Select poll,epoll is a mechanism of IO multiplexing, that is, multiple file descriptors can be monitored through one mechanism, and once a file descriptor is ready (usually read or write ready), it can inform the process to do the corresponding read and write operations. All three of them are essentially synchronous IO, because they all need to be responsible for the read and write operations after the read and write events are ready, that is, they are blocked during the read and write process. On the other hand, the asynchronous IO does not need to read and write on its own, it is only responsible for initiating the event and the specific implementation is completed by someone else.

The implementation of select is similar to that of poll. Epoll is the enhanced version of poll and select.

Select:

Select is essentially the next step of processing by setting or checking the data structure that holds the fd flag bits. The disadvantages of this are:

1. The number of fd that can be monitored by a single process is limited, that is, the size of the listening port is limited.

Generally speaking, this number has a lot to do with system memory, and the specific number can be seen by cat / proc/sys/fs/file-max. The default for 32-bit phones is 1024. The default for a 64-bit machine is 2048.

2. Socket is scanned linearly, that is, the polling method is used, and the efficiency is low:

When there are many sockets, select () completes the scheduling by traversing FD_SETSIZE Socket each time, no matter which Socket is active. This will waste a lot of CPU time. If you can register a callback function with sockets and automatically complete the relevant operation when they are active, you avoid polling, which is what epoll and kqueue do.
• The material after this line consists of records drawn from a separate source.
Lemma linking_move2_right D : D \notin [:: A; B] -> linking s D A = linking s D B.
Proof.
rewrite !inE negb_or => /andP[DA DB].
have [AD BD] : (A == D) = false /\ (B == D) = false.
  by rewrite ![_ == D]eq_sym !(negbTE DA, negbTE DB).
move: Ar Br; rewrite !mem_cat !negb_or => /and3P[Ax Ay Az] /and3P[Bx By Bz].
have ABf := negbTE AB; have BAf : (B == A) = false by rewrite eq_sym ABf.
rewrite /linking !link_pattern_cat !(@link_pattern_absent_right x) //.
rewrite !(@link_pattern_absent_right y) // !(@link_pattern_absent_right z) //.
by rewrite /link_pattern /= AD BD ABf BAf !eqxx /= AD BD.
Qed.

Lemma linking_move2_pair : linking s A B = 0.
Proof.
have BA : (B == A) = false by rewrite eq_sym (negbTE AB).
move: Ar Br; rewrite !mem_cat !negb_or => /and3P[Ax Ay Az] /and3P[Bx By Bz].
rewrite /linking !link_pattern_cat !(@link_pattern_absent x) //.
rewrite !(@link_pattern_absent y) // !(@link_pattern_absent z) //.
by rewrite /link_pattern /= !eqxx BA /= eqxx BA.
Qed.

Lemma linking_move2_left E : linking s A E = linking s B E.
Proof.
have [->|EA] := eqVneq E A; first by rewrite linking_self linkingC linking_move2_pair oppr0.
have [->|EB] := eqVneq E B; first by rewrite linking_self linking_move2_pair.
by rewrite linkingC [RHS]linkingC linking_move2_right // !inE negb_or EA EB.
Qed.
End Move2Linking.

Section Move3Linking.
Variables (x y z t : seq nat) (A B C : nat).
Hypotheses (AB : A != B) (AC : A != C) (BC : B != C).
Hypotheses (Ar : A \notin x ++ y ++ z ++ t) (Br : B \notin x ++ y ++ z ++ t)
  (Cr : C \notin x ++ y ++ z ++ t).
Local Notation s1 := (x ++ [:: A; B] ++ y ++ [:: A; C] ++ z ++ [:: B; C] ++ t).
Local Notation s2 := (x ++ [:: B; A] ++ y ++ [:: C; A] ++ z ++ [:: C; B] ++ t).

Lemma linking_move3_fresh D E : D \notin [:: A; B; C] -> linking s1 D E = linking s2 D E.
Proof.
rewrite !inE !negb_or => /and3P[DA DB DC].
rewrite /linking !link_pattern_cat !(@link_pattern_swap A) ?(@link_pattern_swap B C) //.
all: by rewrite !inE negb_or ?DA ?DB ?DC.
Qed.

Lemma linking_move3_values :
  [/\ linking s1 A B = 1, linking s1 A C = 0, linking s1 B C = 1,
      linking s2 A B = 0 & linking s2 A C = 1] /\ linking s2 B C = 0.
Proof.
have ABf := negbTE AB; have ACf := negbTE AC; have BCf := negbTE BC.
have BAf : (B == A) = false by rewrite eq_sym ABf.
have CAf : (C == A) = false by rewrite eq_sym ACf.
have CBf : (C == B) = false by rewrite eq_sym BCf.
move: Ar Br Cr; rewrite !mem_cat !negb_or.
move=> /and4P[Ax Ay Az At] /and4P[Bx By Bz Bt] /and4P[Cx Cy Cz Ct].
rewrite /linking !link_pattern_cat !(@link_pattern_absent x) // !(@link_pattern_absent y) //.
rewrite !(@link_pattern_absent z) // !(@link_pattern_absent t) //.
by rewrite /link_pattern /= !(eqxx, ABf, ACf, BCf, BAf, CAf, CBf) /= !(eqxx, BAf, CAf, CBf).
Qed.
End Move3Linking.

Lemma eq_modzMDl (q d a b : int) : a = q * d + b -> (a = b %[mod d])%Z.
Proof. by move->; rewrite modzMDl. Qed.

Lemma nw_count (alpha : Type) (w : nanoword alpha) A :
  A \in nw_word w -> count_mem A (nw_word w) = 2.
Proof. by move/allP: (nw_valid w) => valid /valid /andP[/eqP]. Qed.

Lemma nw_fresh (alpha : Type) (w : nanoword alpha) (u r : seq nat) A :
  (forall c, count_mem c (nw_word w) = count_mem c u + count_mem c r) ->
  count_mem A u = 2 -> A \notin r.
Proof.
move=> split_w uA; apply/count_memPn.
have /nw_count : A \in nw_word w by rewrite -has_pred1 has_count split_w uA.
by rewrite split_w uA => /eqP; rewrite -{2}[2%N]addn0 eqn_add2l => /eqP.
Qed.

Section LinkingInvariant.
Variables (alpha : Type) (tau : alpha -> alpha).
Variables (weight : int -> int) (phi chi : option alpha -> int) (g : int -> int) (m n : int).

(* Both sums run over occurrences, so that every letter counts twice: hence the moduli
   [2 * m] and [2 * n] below. *)
Definition letter_link (s : seq nat) (p : nat -> option alpha) (A : nat) : int :=
  \sum_(E <- s) weight (linking s A E) * phi (p E).

Definition word_invariant (s : seq nat) (p : nat -> option alpha) : int :=
  \sum_(A <- s) chi (p A) * g (letter_link s p A).

Definition nw_invariant (w : nanoword alpha) : int := word_invariant (nw_word w) (nw_proj w).

Lemma word_invariant_eq_proj s p1 p2 :
  {in s, p1 =1 p2} -> word_invariant s p1 = word_invariant s p2.
Proof.
move=> p12; apply: eq_big_seq => A As; rewrite p12 //; congr (_ * g _).
by apply: eq_big_seq => E Es; rewrite p12.
Qed.

Lemma word_invariant_map (f : nat -> nat) s p1 p2 :
  {in s &, injective f} -> {in s, forall A, p2 (f A) = p1 A} ->
  word_invariant (map f s) p2 = word_invariant s p1.
Proof.
move=> inj_f p12; rewrite /word_invariant big_map; apply: eq_big_seq => A As.
rewrite p12 //; congr (_ * g _); rewrite /letter_link big_map; apply: eq_big_seq => E Es.
by rewrite /linking link_pattern_map // p12.
Qed.

Hypothesis weight0 : weight 0 = 0.
Hypothesis g0 : g 0 = 0.

Lemma word_invariant_move1 x y A p : A \notin x ++ y ->
  word_invariant (x ++ [:: A; A] ++ y) p = word_invariant (x ++ y) p.
Proof.
move=> Ar; set s := x ++ _.
have perm_s : perm_eq s ([:: A; A] ++ x ++ y).
  by apply/permP => q; rewrite !count_cat /=; lia.
have rA D : D \in x ++ y -> D != A by apply: contraTneq => ->.
have linkA : letter_link s p A = 0.
  by rewrite /letter_link big1_seq // => E _; rewrite linking_move1_left // weight0 mul0r.
have linkD D : D \in x ++ y -> letter_link s p D = letter_link (x ++ y) p D.
  move=> Dr; rewrite /letter_link (perm_big _ perm_s) big_cat /= !big_cons big_nil.
  rewrite linking_move1_right // weight0 !mul0r !add0r.
  by apply: eq_big_seq => E Er; rewrite linking_move1_fresh ?rA.
rewrite /word_invariant (perm_big _ perm_s) big_cat /= !big_cons big_nil.
rewrite linkA g0 mulr0 !add0r.
by apply: eq_big_seq => D Dr; rewrite linkD.
Qed.

Lemma word_invariant_ABAB A B p : A != B ->
  word_invariant [:: A; B; A; B] p
  = 2 * chi (p A) * g (2 * (weight 1 * phi (p B)))
    + 2 * chi (p B) * g (2 * (weight (-1) * phi (p A))).
Proof.
move=> AB; have BA : (B == A) = false by rewrite eq_sym; apply/negbTE.
have lAB : linking [:: A; B; A; B] A B = 1.
  by rewrite /linking /link_pattern /= !eqxx BA /= eqxx BA.
have lBA : linking [:: A; B; A; B] B A = -1 by rewrite linkingC lAB.
rewrite /word_invariant /letter_link !big_cons !big_nil !linking_self lAB lBA weight0.
have twice (u : int) : u + u = 2 * u by ring.
by rewrite !mul0r !add0r !addr0 !twice; ring.
Qed.

Hypothesis phi_tau : forall o, (m %| phi (omap tau o) + phi o)%Z.
Hypothesis chi_tau : forall o, (n %| chi (omap tau o) + chi o)%Z.
Hypothesis g_mod : forall u v, (u = v %[mod 2 * m])%Z -> g u = g v.

Lemma word_invariant_move2 x y z A B p :
  A != B -> A \notin x ++ y ++ z -> B \notin x ++ y ++ z -> p B = omap tau (p A) ->
  (word_invariant (x ++ [:: A; B] ++ y ++ [:: B; A] ++ z) p
   = word_invariant (x ++ y ++ z) p %[mod 2 * n])%Z.
Proof.
move=> AB Ar Br pB; set s := x ++ _; set r := x ++ y ++ z.
have perm_s : perm_eq s ([:: A; B; B; A] ++ r).
  by apply/permP => q; rewrite !count_cat /=; lia.
have fresh D : D \in r -> D \notin [:: A; B].
  by move=> Dr; rewrite !inE negb_or; apply/andP; split; apply: contraTneq Dr => ->.
have [k phiAB] : exists k, phi (p B) + phi (p A) = k * m by apply/dvdzP; rewrite pB.
have [l chiAB] : exists l, chi (p B) + chi (p A) = l * n by apply/dvdzP; rewrite pB.
have linkD D : D \in r ->
    letter_link s p D = (k * weight (linking s D A)) * (2 * m) + letter_link r p D.
  move=> Dr; rewrite /letter_link (perm_big _ perm_s) big_cat /= !big_cons big_nil.
  rewrite -linking_move2_right ?fresh //.
  rewrite (@eq_big_seq _ _ _ _ r _ (fun E => weight (linking r D E) * phi (p E))); last first.
    by move=> E Er; rewrite linking_move2_fresh ?fresh.
  have -> : phi (p B) = k * m - phi (p A) by rewrite -phiAB addrK.
  ring.
have linkAB : letter_link s p A = letter_link s p B.
  by apply: eq_bigr => E _; rewrite linking_move2_left.
rewrite /word_invariant (perm_big _ perm_s) big_cat /= !big_cons big_nil -linkAB.
rewrite (@eq_big_seq _ _ _ _ r _ (fun D => chi (p D) * g (letter_link r p D))); last first.
  by move=> D Dr; rewrite linkD // (g_mod (modzMDl _ _ _)).
have -> : chi (p B) = l * n - chi (p A) by rewrite -chiAB addrK.
by apply: (@eq_modzMDl (l * g (letter_link s p A))); ring.
Qed.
3. It is necessary to maintain a data structure for storing a large amount of fd, which makes it expensive for user space and kernel space to copy the structure.

Poll:

Poll is essentially no different from select. It copies the array passed in by the user to the kernel space, then queries the device status corresponding to each fd. If the device is ready, it adds an item in the device waiting queue and continues traversing. If no ready device is found after traversing all the fd, it suspends the current process until the device is ready or times out actively, and then it traverses the fd again after being woken up. This process has gone through many unnecessary traverses.

It has no limit on the maximum number of connections because it is stored based on linked lists, but it also has one drawback:

1. A large number of fd arrays are copied between the user mode and the kernel address space, regardless of whether such replication is meaningful or not. 2. Another feature of poll is "horizontal trigger". If the fd is not processed after it is reported, the fd will be reported again the next time poll is reported.

Epoll:

Epoll supports horizontal trigger and edge trigger, the biggest feature is edge trigger, it only tells the process which fd has just become on demand, and will only be notified once. Another feature is that epoll uses the ready notification method of "events" to register the fd through epoll_ctl. Once the fd is ready, the kernel will use a callback mechanism similar to callback to activate the fd,epoll_wait to receive notifications.

Advantages of epoll:

1. There is no limit on the maximum number of concurrent connections, and the upper limit of FD that can be opened is much greater than 1024 (about 100000 ports can be monitored on 1 GB of memory). 2. The efficiency is improved, not by polling, and will not decrease with the increase of the number of FD. Only FD that is active will call the callback function; that is, the biggest advantage of Epoll is that it only cares about your "active" connections, not the total number of connections, so in the actual network environment, Epoll will be much more efficient than select and poll.

3. Memory copy, using mmap () file mapping memory to accelerate message delivery with kernel space; that is, epoll uses mmap to reduce replication overhead. Summary of differences among select, poll and epoll:

1. Support the maximum number of connections a process can open

2. The problem of IO efficiency caused by the sharp increase of FD.

3. Message delivery mode

Welcome to subscribe "Shulou Technology Information " to get latest news, interesting things and hot topics in the IT industry, and controls the hottest and latest Internet news, technology news and IT industry trends.

*The comments in the above article only represent the author's personal views and do not represent the views and positions of this website. If you have more insights, please feel free to contribute and share.